**EXERCISE INSTRUCTIONS**
For the records below, print the lines from the line with "[set permc s C | s in [set: 'S_n]]." through the line with "by the blocks" exactly as written; include both end lines and exclude the rest.

Start of EXERCISE INPUTS

(* Let $k\ge 1$ and $t\ge 2$. Let $\mathbf C$ be the set of all binary linear $t$-CIS $[tk,k]$ codes, and let the symmetric group $S_{tk}$ act on $\mathbf C$ by permuting coordinates. Let $\mathbf C_{sys}$ be the set of all $t$-CIS $[tk,k]$ codes having a generator matrix of the form $(I_k\mid A_1\mid\cdots\mid A_{t-1})$ with all $A_j\in GL(k,2)$. Let $C_1,\dots,C_s$ be representatives of the distinct $S_{tk}$-orbits on $\mathbf C$, each chosen in $\mathbf C_{sys}$. Then $$g_k^{\,t-1}=\sum_{i=1}^s\bigl|\mathrm{Orb}_{S_{tk}}(C_i)\cap\mathbf C_{sys}\bigr|,$$ where $g_k=|GL(k,2)|$ and $\mathrm{Orb}_{S_{tk}}(C_i)$ is the orbit of $C_i$.
   Context: A binary linear $[tk,k]$ code is $t$-CIS if its coordinate set can be partitioned into $t$ pairwise disjoint information sets, an information set being a set of $k$ coordinates whose columns in a generator matrix are linearly independent. $I_k$ is the $k\times k$ identity matrix. *)

From HB Require Import structures.
From mathcomp Require Import all_boot all_order all_algebra all_fingroup.
Set Implicit Arguments. Unset Strict Implicit. Unset Printing Implicit Defensive.
Import GRing.Theory.
Local Open Scope ring_scope.

(* A binary linear code of length n is represented by its canonical
   row-space matrix C : 'M['F_2]_n, i.e. a matrix with <<C>> = C.
   Its codewords are the row vectors in the row space of C. *)

Section Codes.
Variables (t k : nat).
Local Notation n := (t * k)%N.

Lemma blk_proof (j : 'I_n) : (j %/ k < t)%N.
Proof.
case: k j => [|k'] j; first by case: j => m; rewrite muln0.
by rewrite ltn_divLR // ltn_ord.
Qed.

Lemma off_proof (j : 'I_n) : (j %% k < k)%N.
Proof.
case: k j => [|k'] j; first by case: j => m; rewrite muln0.
by rewrite ltn_pmod.
Qed.

Definition blk (j : 'I_n) : 'I_t := Ordinal (blk_proof j).
Definition off (j : 'I_n) : 'I_k := Ordinal (off_proof j).

Definition permc (s : 'S_n) (C : 'M['F_2]_n) : 'M['F_2]_n :=
  (<< col_perm s C >>)%MS.

Definition colsel (I : {set 'I_n}) (C : 'M['F_2]_n) : 'M['F_2]_n :=
  \matrix_(i, j) (if j \in I then C i j else 0).

Definition info_set (C : 'M['F_2]_n) (I : {set 'I_n}) : bool :=
  (#|I| == k) && (\rank (colsel I C) == k).

Definition tCIS (C : 'M['F_2]_n) : bool :=
  [exists P : {ffun 'I_t -> {set 'I_n}},
    [&& [forall i, info_set C (P i)],
        [forall i, forall j, (i != j) ==> [disjoint P i & P j]]
      & \bigcup_(i < t) P i == [set: 'I_n]]].

Definition is_code (C : 'M['F_2]_n) : bool :=
  (<< C >>%MS == C) && (\rank C == k).

Definition codes : {set 'M['F_2]_n} :=
  [set C | is_code C && tCIS C].

Definition sysgen (B : 'I_t -> 'M['F_2]_k) : 'M['F_2]_(k, n) :=
  \matrix_(i, j) B (blk j) i (off j).

Definition systematic (C : 'M['F_2]_n) : bool :=
  [exists B : {ffun 'I_t -> 'M['F_2]_k},
    [&& [forall j : 'I_t, (nat_of_ord j == 0%N) ==> (B j == 1%:M)],
        [forall j : 'I_t, B j \in unitmx]
      & (sysgen B == C)%MS]].

Definition codes_sys : {set 'M['F_2]_n} :=
  [set C in codes | systematic C].

Definition orbit_code (C : 'M['F_2]_n) : {set 'M['F_2]_n} :=
  [set permc s C | s in [set: 'S_n]].

End Codes.

Definition gk (k : nat) : nat := #|[set M : 'M['F_2]_k | M \in unitmx]|.

(* Systematic codes are t-CIS codes, so the orbits of the representatives
   partition them and the traces of the orbits add up to the number of
   systematic codes.  A systematic code is determined by the blocks
   (A_1, ..., A_{t-1}) of its generator matrix (I_k | A_1 | ... | A_{t-1}):
   two such matrices with the same row space differ by a left factor, which
   the first block forces to be I_k.  Conversely the coordinate blocks of
   such a matrix are disjoint information sets, so every choice of the A_j
   in GL(k,2) gives a systematic code; there are g_k^(t-1) of them. *)

From HB Require Import structures.
From mathcomp Require Import all_boot all_order all_algebra all_fingroup.
Set Implicit Arguments. Unset Strict Implicit. Unset Printing Implicit Defensive.
Import GRing.Theory.
Local Open Scope ring_scope.

Section Orbits.
Variables t k : nat.
Local Notation n := (t * k)%N.
Implicit Types (C D : 'M['F_2]_n) (S : {set 'M['F_2]_n}).

Lemma permcM (u v : 'S_n) D : permc u (permc v D) = permc (u * v)%g D.
Proof.
rewrite /permc col_permM; apply: eq_genmx.
by rewrite !col_permE; apply: eqmxMr; apply: genmxE.
Qed.

Lemma orbit_code_eq C D : C \in orbit_code D -> orbit_code C = orbit_code D.
Proof.
case/imsetP => v _ ->; apply/setP => X; apply/imsetP/imsetP.
  by case=> u _ ->; exists (u * v)%g; rewrite ?inE // permcM.
case=> u _ ->; exists (u * v^-1)%g; rewrite ?inE // permcM.
by rewrite -mulgA mulVg mulg1.
Qed.

Lemma sum_card_orbit_codeI s (Crep : 'I_s -> 'M['F_2]_n) S :
  (forall i j, i != j -> orbit_code (Crep i) != orbit_code (Crep j)) ->
  (forall C, C \in S -> exists i, C \in orbit_code (Crep i)) ->
  (\sum_(i < s) #|orbit_code (Crep i) :&: S|)%N = #|S|.
Proof.
move=> Hdist Hcover.
have cardI i : #|orbit_code (Crep i) :&: S| =
               (\sum_(C in S) (C \in orbit_code (Crep i)))%N.
  rewrite -sum1_card big_mkcond [RHS]big_mkcond /=.
  by apply: eq_bigr => C _; rewrite inE; case: (C \in S); case: (C \in _).
rewrite (eq_bigr _ (fun i _ => cardI i)) exchange_big /= -sum1_card.
apply: eq_bigr => C /Hcover[i0 HCi0].
rewrite (bigD1 i0) //= HCi0 big1 // => j Hj.
case HCj: (C \in orbit_code (Crep j)) => //.
by have := Hdist j i0 Hj; rewrite -(orbit_code_eq HCj) -(orbit_code_eq HCi0) eqxx.
Qed.

End Orbits.

Lemma rank_colsub_le (F : fieldType) m n n' (f : 'I_n' -> 'I_n) (A : 'M[F]_(m, n)) :
  (\rank (colsub f A) <= \rank A)%N.
Proof. by rewrite -[A in colsub _ A]mulmx1 -mulmx_colsub mxrankM_maxl. Qed.

Section Blocks.
Variables t k : nat.
Local Notation n := (t * k)%N.

Lemma idx_subproof (i : 'I_t) (c : 'I_k) : (i * k + c < n)%N.
Proof.
apply: (@leq_trans (i.+1 * k)); first by rewrite mulSn [(k + _)%N]addnC ltn_add2l.
by rewrite leq_mul2r ltn_ord orbT.
Qed.

Definition idx (i : 'I_t) (c : 'I_k) : 'I_n := Ordinal (idx_subproof i c).

Lemma blk_idx i c : blk (idx i c) = i.
Proof.
have k_gt0 : (0 < k)%N by case: c => m; case: k.
by apply: val_inj; rewrite /= divnMDl // divn_small // addn0.
Qed.

Lemma off_idx i c : off (idx i c) = c.
Proof. by apply: val_inj; rewrite /= modnMDl modn_small. Qed.

Lemma idx_blk_off (j : 'I_n) : idx (blk j) (off j) = j.
Proof. by apply: val_inj; rewrite /= -divn_eq. Qed.

Definition block (i : 'I_t) : {set 'I_n} := [set j | blk j == i].

Lemma blockE i : block i = [set idx i c | c in [set: 'I_k]].
Proof.
apply/setP => j; rewrite inE; apply/eqP/imsetP.
  by move=> <-; exists (off j); rewrite ?inE ?idx_blk_off.
by case=> c _ ->; rewrite blk_idx.
Qed.

Lemma card_block i : #|block i| = k.
Proof.
rewrite blockE card_imset ?cardsT ?card_ord // => c1 c2 E.
by rewrite -(off_idx i c1) E off_idx.
Qed.

Lemma colsub_sysgen (B : 'I_t -> 'M['F_2]_k) i : colsub (idx i) (sysgen B) = B i.
Proof. by apply/matrixP => r c; rewrite !mxE blk_idx off_idx. Qed.

Lemma colsel_mulmx (I : {set 'I_n}) (M : 'M['F_2]_n) :
  colsel I M = M *m colsel I 1%:M.
Proof.
apply/matrixP => r j; rewrite !mxE.
under eq_bigr => l _ do rewrite mxE.
case: (j \in I); last by rewrite big1 // => l _; rewrite mulr0.
by rewrite -[in LHS](mulmx1 M) mxE.
Qed.

Lemma colsub_mul_colsel_block m (A : 'M['F_2]_(m, n)) i :
  colsub (idx i) (A *m colsel (block i) 1%:M) = colsub (idx i) A.
Proof.
rewrite -mulmx_colsub -[in RHS](mulmx1 A) -mulmx_colsub; congr (_ *m _).
by apply/matrixP => r c; rewrite !mxE inE blk_idx eqxx.
Qed.

End Blocks.

Arguments block {t k} i.

Section Systematic.
Variables t k : nat.
Local Notation n := (t * k)%N.
Implicit Types B : {ffun 'I_t -> 'M['F_2]_k}.

Definition sys_blocks : {set {ffun 'I_t -> 'M['F_2]_k}} :=
  [set B : {ffun 'I_t -> 'M['F_2]_k} |
    [forall j : 'I_t, (nat_of_ord j == 0%N) ==> (B j == 1%:M)] &&
    [forall j : 'I_t, B j \in unitmx]].

Definition sys_code B : 'M['F_2]_n := (<< sysgen B >>)%MS.

Lemma rank_sysgen B i : B i \in unitmx -> \rank (sysgen B) = k.
Proof.
move=> unitB; apply/eqP; rewrite eqn_leq rank_leq_row -{1}(mxrank_unit unitB).
by rewrite -(colsub_sysgen B) rank_colsub_le.
Qed.

Lemma info_set_block B i :
  B i \in unitmx -> info_set (sys_code B) (block i).
Proof.
move=> unitB; rewrite /info_set card_block eqxx /sys_code.
rewrite colsel_mulmx (eqmxMr _ (genmxE _)) eqn_leq rank_leq_row.
rewrite -{1}(mxrank_unit unitB) -(colsub_sysgen B).
by rewrite -(colsub_mul_colsel_block (sysgen B)) rank_colsub_le.
Qed.

Lemma tCIS_sys_code B : (forall i, B i \in unitmx) -> tCIS (sys_code B).
Proof.
move=> unitB; apply/existsP; exists [ffun i => block i]; apply/and3P; split.
- by apply/forallP => i; rewrite ffunE info_set_block.
- apply/forallP => i; apply/forallP => j; apply/implyP => neq_ij.
  rewrite !ffunE -setI_eq0; apply/eqP/setP => x; rewrite /block !inE.
  by apply/negP => /andP[/eqP Ei /eqP Ej]; rewrite -Ei -Ej eqxx in neq_ij.
- apply/eqP/setP => j; rewrite inE; apply/bigcupP.
  by exists (blk j); rewrite ?ffunE /block ?inE.
Qed.

Hypothesis t_gt0 : (0 < t)%N.
Let i0 : 'I_t := Ordinal t_gt0.

Lemma codes_sysE : codes_sys t k = [set sys_code B | B in sys_blocks].
Proof.
apply/setP => C; apply/idP/imsetP.
  rewrite !inE => /andP[/andP[/andP[/eqP genC _] _] /existsP[B /and3P[B0 BU eqBC]]].
  exists B; first by rewrite inE B0 BU.
  by rewrite /sys_code -genC; apply: eq_genmx; apply: eqmx_sym; apply/eqmxP.
case=> B; rewrite inE => /andP[B0 BU] ->.
have unitB i : B i \in unitmx by apply: (forallP BU).
rewrite !inE /is_code /sys_code genmx_id eqxx genmxE.
rewrite (rank_sysgen (unitB i0)) tCIS_sys_code // eqxx /=.
by apply/existsP; exists B; rewrite B0 BU; apply/eqmxP; exact: eqmx_sym (genmxE _).
Qed.

Lemma sys_code_inj : {in sys_blocks &, injective sys_code}.
Proof.
move=> B1 B2; rewrite !inE => /andP[B10 _] /andP[B20 _].
move=> /genmxP/andP[/submxP[D eqD] _].
have first_id B : [forall j : 'I_t, (nat_of_ord j == 0%N) ==> (B j == 1%:M)] ->
                  B i0 = 1%:M.
  by move=> B0; apply/eqP; apply: (implyP (forallP B0 i0)).
have D1 : D = 1%:M.
  have := congr1 (colsub (idx i0)) eqD.
  by rewrite -mulmx_colsub !colsub_sysgen !first_id // mulmx1.
by apply/ffunP => j; rewrite -(colsub_sysgen B1) -(colsub_sysgen B2) eqD D1 mul1mx.
Qed.

End Systematic.

Lemma card_sys_blocks t k : (0 < t)%N -> #|sys_blocks t k| = (gk k ^ (t - 1))%N.
Proof.
case: t => [//|t'] _.
pose F (j : 'I_t'.+1) := if nat_of_ord j == 0%N then pred1 (1%:M : 'M['F_2]_k)
                         else [pred M : 'M['F_2]_k | M \in unitmx].
have -> : #|sys_blocks t'.+1 k| = #|family F|.
  apply: eq_card => B; rewrite inE; apply/andP/familyP.
    by case=> B0 BU j; rewrite /F; case: ifP => j0 /=;
      [apply: (implyP (forallP B0 j) j0) | apply: (forallP BU j)].
  move=> BF; split; apply/forallP => j; have := BF j; rewrite /F.
    by case: ifP => //= _ ->.
  by case: ifP => //= _ /eqP ->; rewrite unitmx1.
rewrite card_family foldrE big_map big_enum big_ord_recl /F /= card1 mul1n subn1.
rewrite (eq_bigr (fun _ => gk k)) ?prod_nat_const ?card_ord // => i _.
by apply: eq_card => M; rewrite inE.
Qed.

Theorem proposition7 (k t : nat) (hk : (1 <= k)%N) (ht : (2 <= t)%N)
  (s : nat) (Crep : 'I_s -> 'M['F_2]_(t * k))
  (Hsys : forall i, Crep i \in codes_sys t k)
  (Hdist : forall i j, i != j -> orbit_code (Crep i) != orbit_code (Crep j))
  (Hcover : forall C, C \in codes t k -> exists i, C \in orbit_code (Crep i)) :
  (gk k ^ (t - 1))%N = (\sum_(i < s) #|orbit_code (Crep i) :&: codes_sys t k|)%N.
Proof.
have t_gt0 : (0 < t)%N by apply: leq_trans ht.
rewrite sum_card_orbit_codeI // => [|C]; last first.
  by rewrite inE => /andP[C_code _]; apply: Hcover.
by rewrite codes_sysE // card_in_imset ?card_sys_blocks //; apply: sys_code_inj.
Qed.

End of EXERCISE INPUTS

**PROBLEM SOLUTION**
  [set permc s C | s in [set: 'S_n]].

End Codes.

Definition gk (k : nat) : nat := #|[set M : 'M['F_2]_k | M \in unitmx]|.

(* Systematic codes are t-CIS codes, so the orbits of the representatives
   partition them and the traces of the orbits add up to the number of
   systematic codes.  A systematic code is determined by the blocks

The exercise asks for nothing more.